Question

Suppose a uniform electric field of magnitude \(100.0 \mathrm{N} / \mathrm{C}\) exists in a region of space. How far apart are a pair of equipotential surfaces whose potentials differ by \(1.0 \mathrm{V} ?\)

Short answer

Answer: The distance between the equipotential surfaces is \(0.01 \mathrm{m}\).

Step-by-step solution

Write down the given values

The electric field \(E = 100.0 \mathrm{N} / \mathrm{C}\) and the potential difference \(\Delta V = 1.0 \mathrm{V}\) are given.

Write down the formula for electric field and potential difference

The formula to find the distance between equipotential surfaces is \(E = \frac{\Delta V}{d}\).

Rearrange the formula to find the distance

We can rearrange the formula to find the distance between equipotential surfaces as follows: \(d = \frac{\Delta V}{E}\).

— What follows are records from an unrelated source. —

(* Let $\mathcal E$ be a completely positive trace-preserving map on $M_d$, and let $L\ge1$ be an integer. Regard $\mathcal E^L$ as a linear operator on the $d^2$-dimensional space $M_d$, with trace $\mathrm{Tr}(\mathcal E^L)$; equivalently, this is $\mathrm{Tr}(E^L)$ for the $d^2\times d^2$ transfer matrix $E$ representing $\mathcal E$. Then $$1-d^{5/2}\tau(\mathcal E)^L\le\mathrm{Tr}(\mathcal E^L)\le 1+d^{5/2}\tau(\mathcal E)^L.$$
   Context: $M_d$ is the space of complex $d\times d$ matrices. The ergodicity coefficient is $\tau(\mathcal F):=\sup\{\|\mathcal F(\sigma)\|_1/\|\sigma\|_1:\ 0\ne\sigma\in M_d,\ \mathrm{Tr}\,\sigma=0\}$, where $\|\cdot\|_1$ is the trace norm. *)

From HB Require Import structures.
From mathcomp Require Import all_boot all_order all_algebra.
Set Implicit Arguments. Unset Strict Implicit. Unset Printing Implicit Defensive.
Import Order.TTheory GRing.Theory Num.Theory.
Local Open Scope ring_scope.

Definition adjmx (C : numClosedFieldType) m n (A : 'M[C]_(m, n)) : 'M[C]_(n, m) :=
  (map_mx Num.conj A)^T.

Definition psdmx (C : numClosedFieldType) n (A : 'M[C]_n) : Prop :=
  forall v : 'rV[C]_n, 0 <= (v *m A *m adjmx v) 0 0.

(* trace norm ||A||_1 = Tr sqrt(A^* A) = sum of the square roots of the
   eigenvalues of the Hermitian matrix A^* A (spectral decomposition). *)
Definition trnorm (C : numClosedFieldType) n (A : 'M[C]_n) : C :=
  \sum_(i < n) sqrtC (spectral_diag (adjmx A *m A) 0 i).

(* The k*d x k*d matrix  sum_{i,j} E_ij (x) Xb i j  (block matrix with blocks Xb i j) *)
Definition blockmx (C : numClosedFieldType) k d (Xb : 'I_k -> 'I_k -> 'M[C]_d)
  : 'M[C]_(k * d) :=
  \sum_(i < k) \sum_(j < k) \sum_(a < d) \sum_(b < d)
     Xb i j a b *: delta_mx (mxvec_index i a) (mxvec_index j b).

(* complete positivity: id_k (x) f maps PSD matrices on C^k (x) C^d to PSD ones, for all k *)
Definition completely_positive (C : numClosedFieldType) d
  (f : 'M[C]_d -> 'M[C]_d) : Prop :=
  forall (k : nat) (Xb : 'I_k -> 'I_k -> 'M[C]_d),
    psdmx (blockmx Xb) -> psdmx (blockmx (fun i j => f (Xb i j))).

Definition trace_preserving (C : numClosedFieldType) d
  (f : 'M[C]_d -> 'M[C]_d) : Prop :=
  forall X : 'M[C]_d, \tr (f X) = \tr X.

Definition ergo_ratios (C : numClosedFieldType) d (f : 'M[C]_d -> 'M[C]_d) (r : C) : Prop :=
  exists s : 'M[C]_d, s != 0 /\ \tr s = 0 /\ r = trnorm (f s) / trnorm s.

(* t is the ergodicity coefficient tau(f): the supremum of ergo_ratios f,
   taken in the nonnegative reals (so the empty supremum, d = 1, is 0). *)
Definition is_ergodicity_coeff (C : numClosedFieldType) d (f : 'M[C]_d -> 'M[C]_d) (t : C)
  : Prop :=
  0 <= t /\ (forall r, ergo_ratios f r -> r <= t) /\
  (forall u, 0 <= u -> (forall r, ergo_ratios f r -> r <= u) -> t <= u).

From HB Require Import structures.
From mathcomp Require Import all_boot all_order all_algebra.
From mathcomp Require Import ring.
Import Order.TTheory GRing.Theory Num.Theory.
Set Implicit Arguments. Unset Strict Implicit. Unset Printing Implicit Defensive.
Local Open Scope ring_scope.

(* Write Tr E^L = sum_{a,b} (E^L e_ab)_ab and split e_ab = [a = b]/d * 1 + Y_ab with Y_ab
   traceless.  Trace preservation turns the first parts into Tr(E^L 1)/d = 1.  For the
   second, |(E^L Y_ab)_ab| <= ||E^L Y_ab||_1 <= tau^L ||Y_ab||_1 <= tau^L sqrt d, the last
   step by Cauchy-Schwarz on the singular values and ||Y_ab||_2 <= ||e_ab||_2 = 1; summing
   d^2 terms gives |Tr E^L - 1| <= d^2 sqrt d tau^L.  Finally Tr E^L is real because a
   positive map preserves adjoints, which follows from polarization. *)

Section Adjoint.
Variable C : numClosedFieldType.

Lemma adjmxE m n (A : 'M[C]_(m, n)) i j : adjmx A i j = (A j i)^*.
Proof. by rewrite !mxE. Qed.

Lemma adjmx_trmxC m n (A : 'M[C]_(m, n)) : adjmx A = (A ^t Num.conj)%sesqui.
Proof. by rewrite /adjmx map_trmx. Qed.

Fact adjmx_is_zmod_morphism m n : zmod_morphism (@adjmx C m n).
Proof. by move=> A B; apply/matrixP=> i j; rewrite !mxE rmorphB. Qed.

HB.instance Definition _ m n :=
  GRing.isZmodMorphism.Build _ _ (@adjmx C m n) (@adjmx_is_zmod_morphism m n).

Lemma adjmxD m n (A B : 'M[C]_(m, n)) : adjmx (A + B) = adjmx A + adjmx B.
Proof. exact: raddfD. Qed.

Lemma adjmxB m n (A B : 'M[C]_(m, n)) : adjmx (A - B) = adjmx A - adjmx B.
Proof. exact: raddfB. Qed.

Lemma adjmx_sum m n (I : Type) (r : seq I) (P : pred I) (F : I -> 'M[C]_(m, n)) :
  adjmx (\sum_(i <- r | P i) F i) = \sum_(i <- r | P i) adjmx (F i).
Proof. exact: raddf_sum. Qed.

Lemma adjmxZ m n c (A : 'M[C]_(m, n)) : adjmx (c *: A) = c^* *: adjmx A.
Proof. by apply/matrixP=> i j; rewrite !mxE rmorphM. Qed.

Lemma adjmxM m n p (A : 'M[C]_(m, n)) (B : 'M[C]_(n, p)) :
  adjmx (A *m B) = adjmx B *m adjmx A.
Proof. by rewrite /adjmx map_mxM trmx_mul. Qed.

Substitute the given values into the formula

Now, we can substitute the given values of electric field and potential difference into the formula to find the distance: \(d = \frac{1.0 \mathrm{V}}{100.0 \mathrm{N} / \mathrm{C}}\).

Calculate the distance

By dividing the potential difference by the electric field, we find the distance: \(d = \frac{1.0 \mathrm{V}}{100.0 \mathrm{N} / \mathrm{C}} = 0.01 \mathrm{m}\). The equipotential surfaces whose potentials differ by \(1.0 \mathrm{V}\) are \(0.01 \mathrm{m}\) apart.